# Mexican Oakleaf



## Fishfarmer Randy (Sep 25, 2010)

I was really happy with what I purchased from a LFS, so when I got the plant home, I cut clones of it to grow in several tanks. The new cuttings grew leaves that were not even a tenth the size of the leaves on the plant when I purchased it in all 3 tanks, what am I doing wrong?


----------



## Nue (Dec 27, 2009)

Im not sure if I'm understanding you correctly. Are you wondering why the new leaves are smaller?


----------



## Fishfarmer Randy (Sep 25, 2010)

exactly, it had huge beautiful leaves that were over an inch long, and the new leaves are not even an 1/8th of an inch.


----------



## mistergreen (Dec 9, 2006)

Most plants will change their leaf size and even shape in different environments.

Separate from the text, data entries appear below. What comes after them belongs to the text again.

(* Let $T$, $\mathcal{S}=\mathcal{S}_+\cup\mathcal{S}_-$, $\Psi$, $\lambda,\mu$ and the matrices $E,F,G,H$ be as in the context, and let $K:=T_{++}+\Psi T_{-+}$. Let $\mathcal{R}_D$ be the minimal nonnegative solution of $\mathcal{R}^2D_{-1}+\mathcal{R}D_0+D_1=\mathcal{R}$, where $$D_{-1}=\begin{bmatrix}0&0\\0&F\end{bmatrix},\quad D_0=\begin{bmatrix}0&G\\H&0\end{bmatrix},\quad D_1=\begin{bmatrix}E&0\\0&0\end{bmatrix}.$$ Then $$\mathcal{R}_D=\begin{bmatrix}R_1&R_1\Psi\\0&0\end{bmatrix},\qquad\text{where}\quad R_1:=E(I-\Psi H)^{-1}=(I-\mu^{-1}K)^{-1}(I+\lambda^{-1}K).$$
   Context: $T$ is the generator of a continuous-time Markov chain on a finite set $\mathcal{S}=\mathcal{S}_+\cup\mathcal{S}_-$ (disjoint, both nonempty), partitioned into blocks $T_{++},T_{+-},T_{-+},T_{--}$ according to $\mathcal{S}_\pm$. $\Psi$ is the minimal nonnegative solution of $T_{+-}+\Psi T_{--}+T_{++}\Psi+\Psi T_{-+}\Psi=0$ (the first-return probability matrix of the unit-rate fluid queue with phase generator $T$, rates $+1$ on $\mathcal{S}_+$ and $-1$ on $\mathcal{S}_-$). $\lambda,\mu>0$ satisfy $\lambda,\mu\ge\max_i|T_{ii}|$. The matrices $E$ ($|\mathcal{S}_+|\times|\mathcal{S}_+|$), $G$ ($|\mathcal{S}_+|\times|\mathcal{S}_-|$), $H$ ($|\mathcal{S}_-|\times|\mathcal{S}_+|$), $F$ ($|\mathcal{S}_-|\times|\mathcal{S}_-|$) are defined by $\begin{bmatrix}E&G\\H&F\end{bmatrix}=\begin{bmatrix}I-\mu^{-1}T_{++}&-\lambda^{-1}T_{+-}\\-\mu^{-1}T_{-+}&I-\lambda^{-1}T_{--}\end{bmatrix}^{-1}\begin{bmatrix}I+\lambda^{-1}T_{++}&\mu^{-1}T_{+-}\\\lambda^{-1}T_{-+}&I+\mu^{-1}T_{--}\end{bmatrix}$. $D_{-1},D_0,D_1$ are the transition blocks of a quasi-birth-death process (levels in $\mathbb{Z}+1/2$, phases in $\mathcal{S}$), and $\mathcal{R}_D$ is its $\mathcal{R}$-matrix (expected numbers of visits to the next level up before returning to the starting level). *)

From HB Require Import structures.
From mathcomp Require Import all_boot all_order all_algebra.
From mathcomp Require Import reals.
Set Implicit Arguments. Unset Strict Implicit. Unset Printing Implicit Defensive.
Import Order.TTheory GRing.Theory Num.Theory.
Local Open Scope ring_scope.

Section Defs.
Variable R : realType.

Definition nonneg_mx m n (A : 'M[R]_(m, n)) : Prop := forall i j, 0 <= A i j.
Definition le_mx m n (A B : 'M[R]_(m, n)) : Prop := forall i j, A i j <= B i j.

Definition min_nonneg_sol m n (P : 'M[R]_(m, n) -> Prop) (X : 'M[R]_(m, n)) : Prop :=
  [/\ nonneg_mx X, P X & forall Y, nonneg_mx Y -> P Y -> le_mx X Y].

Definition generator n (T : 'M[R]_n) : Prop :=
  (forall i j, i != j -> 0 <= T i j) /\ (forall i, \sum_j T i j = 0).

Variables (p q : nat).
Implicit Types (T : 'M[R]_(p + q)).

(* blocks of T w.r.t. S = S_+ (first p states) u S_- (last q states) *)
Definition Tpp T : 'M[R]_p := ulsubmx T.
Definition Tpm T : 'M[R]_(p, q) := ursubmx T.
Definition Tmp T : 'M[R]_(q, p) := dlsubmx T.
Definition Tmm T : 'M[R]_q := drsubmx T.
(* Let $T$ be a minimal rotation on a locally connected compact metrizable group $X$ and let $f\colon X\to G$ be a continuous topologically recurrent cocycle for $T$ with values in a nilpotent locally compact second countable group $G$. Let $H$ be a closed subgroup of $G$ and $y\mapsto H_y$ a consistent selection of subgroups in the essential ranges of $f$ satisfying $E_y(f)\subseteq N(H_y)$ for every $y\in X$, and suppose there exists $x\in X$ with $E_x(f)=H_x$. Let $z\in X$ and $g\in N(H_z)\setminus H_z$. Then there is a neighbourhood $U$ of $\mathbf 1_G$ such that for all integers $n$, \[f(n,z)\,gH_z\,f(n,z)^{-1}\cap U=\varnothing.\]
   Context: The cocycle is $f(n,x)=f(T^{n-1}x)\cdots f(x)$ for $n\ge1$, $f(0,x)=\mathbf 1_G$, $f(n,x)=f(-n,T^nx)^{-1}$ for $n<0$. $f$ is topologically recurrent if for every open neighbourhood $U$ of $\mathbf 1_G$ and nonempty open $\mathcal O\subseteq X$ there is $n\neq0$ with $T^{-n}\mathcal O\cap\mathcal O\cap\{y:f(n,y)\in U\}\neq\varnothing$; $E_x(f)$ is the set of $g$ such that this holds for every open neighbourhood $U$ of $g$ and every open neighbourhood $\mathcal O$ of $x$. For a subgroup $L$, $N(L)=\{g\in G:gLg^{-1}=L\}$. $H^G=\{gHg^{-1}:g\in G\}$, topologised via the bijection with $G/N(H)$. A consistent selection is a continuous map $y\mapsto H_y$, $X\to H^G$, with $H_x\subseteq E_x(f)$ and $H_{T^nx}=f(n,x)H_xf(n,x)^{-1}$ for all $x,n$. *)

From HB Require Import structures.
From mathcomp Require Import all_boot all_order all_algebra.
From mathcomp Require Import all_classical all_reals topology.
From mathcomp Require Import Rstruct Rstruct_topology.
From Stdlib Require Import Rdefinitions.
Set Implicit Arguments. Unset Strict Implicit. Unset Printing Implicit Defensive.
Import Order.TTheory GRing.Theory Num.Theory.
Local Open Scope classical_set_scope.

Section GroupDefs.
Variables (G : Type) (mul : G -> G -> G) (inv : G -> G) (one : G).

Definition is_group : Prop :=
  (forall x y z, mul x (mul y z) = mul (mul x y) z) /\
  (forall x, mul one x = x) /\ (forall x, mul x one = x) /\
  (forall x, mul (inv x) x = one) /\ (forall x, mul x (inv x) = one).

Definition is_subgroup (L : set G) : Prop :=
  L one /\ (forall x y, L x -> L y -> L (mul x y)) /\ (forall x, L x -> L (inv x)).

Definition conjset (g : G) (L : set G) : set G :=
  (fun h => mul (mul g h) (inv g)) @` L.

Definition lcoset (g : G) (L : set G) : set G := (fun h => mul g h) @` L.

Definition normaliser (L : set G) : set G := [set g | conjset g L = L].

Definition conj_class (H : set G) : set (set G) := [set K | exists g, K = conjset g H].

Definition commg (x y : G) : G := mul (mul (inv x) (inv y)) (mul x y).
Lemma mmd2_far_fst_cond z : ~~ cnbhd_meet eH h z ->
  universal eG g \/ cnbhd_cover eH h z ->
  cond_iv eG eH (g, h) (g', h') \/ cond_v eG eH (g, h) (g', h').
Proof.
move=> fhz ug_cov; have ug := mmd2_universal_fst fhz ug_cov.
have [Ng'g | /eqP Ng'g] := eqVneq (NG g') (NG g).
  by left; apply: mmd2_universal_twins.
by right; apply: mmd2_universal_not_twins.
Qed.

End BoundaryFst.

Lemma cond_iv_fst_mmd2 : universal eG g -> universal eG g' -> dist_eq eH h h' 2 ->
  SR_edge eH h h' -> mmd2 P (g, h) (g', h').
Proof.
move=> ug ug' d2 /(SR_edge_dist2 sH d2)[Hh Hh'].
move: d2; rewrite dist_eq2 // => /andP[mhh' hh'].
split; first by rewrite (cnbhd_modprod iG iH) /= (universal_cnbhd _ ug) (negbTE hh').
  exact: universal_fst_meet.
by apply: universal_fst_meet; rewrite // cnbhd_meetC.
Qed.

Lemma cond_v_fst_mmd2 : universal eG g -> ~ universal eG g' -> dist_eq eH h h' 2 ->
  (forall h'', h'' \in NH h' -> dist_le eH h h'' 2) ->
  ~ (exists h0, gamma_pair eH h' h0) -> mmd2 P (g, h) (g', h').
Proof.
move=> ug nug'; rewrite dist_eq2 // => /andP[mhh' hh'] Hd ngam.
have gN x1 : g \in NG x1 by rewrite (in_cnbhdC sG) (universal_cnbhd _ ug).
split=> [|[x1 x2]|[y1 y2]].
- by rewrite (cnbhd_modprod iG iH) /= (universal_cnbhd _ ug) (negbTE hh').
-
rewrite (cnbhd_modprod iG iH) /= (universal_cnbhd _ ug) => /eqP/esym x2h.
  apply: contraT => far; move: (far_modprod_notin iG iH far).
  have [g'x1|g'x1] := boolP (g' \in NG x1) => /= h'x2.
    have [Nx1 fx2h' [ux1|cov]] := far_modprod_fst sG iG sH iH g'x1 far.
      by case: nug'; rewrite /universal -Nx1.
    case: ngam; exists x2; split.
      by apply: contraNneq fx2h' => ->; apply: cnbhd_meet_refl.
    by split; [apply/eqP; rewrite setIC; apply/negbNE | rewrite setUC].
  have {}h'x2 : h' \in NH x2 by case: (_ \in _) h'x2.
  have [Nx2 _ _] := far_modprod_snd sG iG sH iH h'x2 far.
  by move: x2h; rewrite (in_cnbhdC sH) Nx2 (in_cnbhdC sH) (negbTE hh').
- rewrite (cnbhd_modprod iG iH) /= => hy; apply: contraT => far.
  have [Ny1 fy2h _] := far_modprod_fst sG iG sH iH (gN y1) far.
  move: hy; rewrite (in_cnbhdC sG) Ny1 (universal_cnbhd _ ug) => /eqP/esym/Hd.
  by rewrite /dist_le ball2 // cnbhd_meetC (negbTE fy2h).
Qed.
(* Let $a\in V$. For all $n\ge 2$ and all $t\in(\Sigma^{\mathrm{CoR}}_{n})_{\le 1}$, there exist $t_0\in(\Sigma^{\mathrm{CoR}}_{1})_{\le 1}$ and $t_1\in(\Pi^{\mathrm{CoR}}_{n-1})_{\le 1}$ such that $t\sim_{\mathrm{REL}_{\ge 3}} t_0[t_1/a]$.
   Context: Fix a non-empty finite set $V$ of variables. CoR terms are generated by $t ::= a \mid \bot \mid \top \mid t \cup t \mid t \cap t \mid t^{-} \mid \mathrm{I} \mid \mathrm{D} \mid t \cdot t \mid t \dagger t \mid t^{\pi}$, where $a \in V$ and $\pi$ ranges over all maps $\{1,2\}\to\{1,2\}$. A structure $M$ consists of a non-empty set $|M|$ and a binary relation $a^M\subseteq|M|^2$ for each $a\in V$. The interpretation $[\![t]\!]_M\subseteq|M|^2$: $[\![a]\!]_M=a^M$, $[\![\bot]\!]_M=\emptyset$, $[\![\top]\!]_M=|M|^2$, $\cup,\cap$ set-theoretic, $[\![t^-]\!]_M=|M|^2\setminus[\![t]\!]_M$, $[\![\mathrm{I}]\!]_M=\{(x,y):x=y\}$, $[\![\mathrm{D}]\!]_M=\{(x,y):x\ne y\}$, $R\cdot S=\{(x,y):\exists z,(x,z)\in R\wedge(z,y)\in S\}$, $R\dagger S=\{(x,y):\forall z,(x,z)\in R\vee(z,y)\in S\}$, $R^{\pi}=\{(x_1,x_2):(x_{\pi(1)},x_{\pi(2)})\in R\}$. $\mathrm{REL}_{\ge 3}$ is the class of structures with at least $3$ elements; $t\sim_{\mathrm{REL}_{\ge 3}}s$ iff $[\![t]\!]_M=[\![s]\!]_M$ for all $M\in\mathrm{REL}_{\ge 3}$. $\mathrm{vo}(t)$ is the number of occurrences of variables in $t$, $S_{\le k}=\{t\in S:\mathrm{vo}(t)\le k\}$, and $t[s/a]$ is $t$ with each occurrence of $a$ replaced by $s$. The dot-dagger alternation hierarchy: $\Sigma^{\mathrm{CoR}}_n,\Pi^{\mathrm{CoR}}_n$ are the least sets such that $\Sigma^{\mathrm{CoR}}_0=\Pi^{\mathrm{CoR}}_0$ is the set of terms containing neither $\cdot$ nor $\dagger$; $\Sigma^{\mathrm{CoR}}_n\cup\Pi^{\mathrm{CoR}}_n\subseteq\Sigma^{\mathrm{CoR}}_{n+1}\cap\Pi^{\mathrm{CoR}}_{n+1}$; for $n\ge1$, if $s,u\in\Sigma^{\mathrm{CoR}}_n$ then $s\cup u,s\cap u,s\cdot u,s^{\pi}\in\Sigma^{\mathrm{CoR}}_n$ and $s\dagger u\in\Pi^{\mathrm{CoR}}_{n+1}$; for $n\ge1$, if $s,u\in\Pi^{\mathrm{CoR}}_n$ then $s\cup u,s\cap u,s\dagger u,s^{\pi}\in\Pi^{\mathrm{CoR}}_n$ and $s\cdot u\in\Sigma^{\mathrm{CoR}}_{n+1}$. *)

From mathcomp Require Import all_boot.
Set Implicit Arguments. Unset Strict Implicit. Unset Printing Implicit Defensive.

Section CoR.
Variable V : finType.

(* Maps pi : {1,2} -> {1,2} are represented as functions 'I_2 -> 'I_2,
   with ord0 standing for 1 and the other ordinal for 2. *)
Inductive term : Type :=
| tVar of V
| tBot | tTop
| tCup of term & term
| tCap of term & term
| tCompl of term
| tI | tD
| tComp of term & term
| tDag of term & term
| tPerm of term & ('I_2 -> 'I_2).

(* a structure: carrier M (non-emptiness is implied by having 3 elements
   in REL_{>=3}) and an interpretation of the variables *)
Definition pick2 (M : Type) (i : 'I_2) (x1 x2 : M) : M :=
  if nat_of_ord i == 0 then x1 else x2.

Fixpoint sem (M : Type) (I : V -> M -> M -> Prop) (t : term) : M -> M -> Prop :=
  match t with
  | tVar a => I a
  | tBot => fun _ _ => False
  | tTop => fun _ _ => True
  | tCup t1 t2 => fun x y => sem I t1 x y \/ sem I t2 x y
  | tCap t1 t2 => fun x y => sem I t1 x y /\ sem I t2 x y
  | tCompl t1 => fun x y => ~ sem I t1 x y
  | tI => fun x y => x = y
  | tD => fun x y => x <> y
  | tComp t1 t2 => fun x y => exists z, sem I t1 x z /\ sem I t2 z y
  | tDag t1 t2 => fun x y => forall z, sem I t1 x z \/ sem I t2 z y
  | tPerm t1 p => fun x1 x2 => sem I t1 (pick2 (p ord0) x1 x2) (pick2 (p ord_max) x1 x2)
  end.

Definition atleast3 (M : Type) : Prop :=
  exists x y z : M, x <> y /\ y <> z /\ x <> z.

Definition equiv_REL3 (t s : term) : Prop :=
  forall (M : Type) (I : V -> M -> M -> Prop), atleast3 M ->
    forall x y, sem I t x y <-> sem I s x y.

Fixpoint vo (t : term) : nat :=
  match t with
  | tVar _ => 1
  | tBot | tTop | tI | tD => 0
  | tCup t1 t2 | tCap t1 t2 | tComp t1 t2 | tDag t1 t2 => vo t1 + vo t2
  | tCompl t1 | tPerm t1 _ => vo t1
  end.

Fixpoint subst (t : term) (a : V) (s : term) : term :=
  match t with
  | tVar b => if b == a then s else tVar b
  | tBot => tBot | tTop => tTop | tI => tI | tD => tD
  | tCup t1 t2 => tCup (subst t1 a s) (subst t2 a s)
  | tCap t1 t2 => tCap (subst t1 a s) (subst t2 a s)
  | tComp t1 t2 => tComp (subst t1 a s) (subst t2 a s)
  | tDag t1 t2 => tDag (subst t1 a s) (subst t2 a s)
  | tCompl t1 => tCompl (subst t1 a s)
  | tPerm t1 p => tPerm (subst t1 a s) p
  end.

Fixpoint no_comp (t : term) : Prop :=
  match t with
  | tVar _ | tBot | tTop | tI | tD => True
  | tCup t1 t2 | tCap t1 t2 => no_comp t1 /\ no_comp t2
  | tComp _ _ | tDag _ _ => False
  | tCompl t1 | tPerm t1 _ => no_comp t1
  end.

The big leaves probably grew out of the water in full sun light.


----------



## Fishfarmer Randy (Sep 25, 2010)

The plants look pretty much the same today as the day i posted this, but I recently noticed that the plants put out some contrasting red growths with several leaves, so I think it just may take longer to establish when cloning the plant.


----------



## Da Plant Man (Apr 7, 2010)

Just give it time, I have this plant and love it. 

This is a crappy photo and does no justice, but I spent a total of $45 on this tank, just on the filter, flora, and fauna:









I have been having trouble with diatoms but other than that, I love this tank, and the mexican oak leaf in the back grows out of the water sometimes.


----------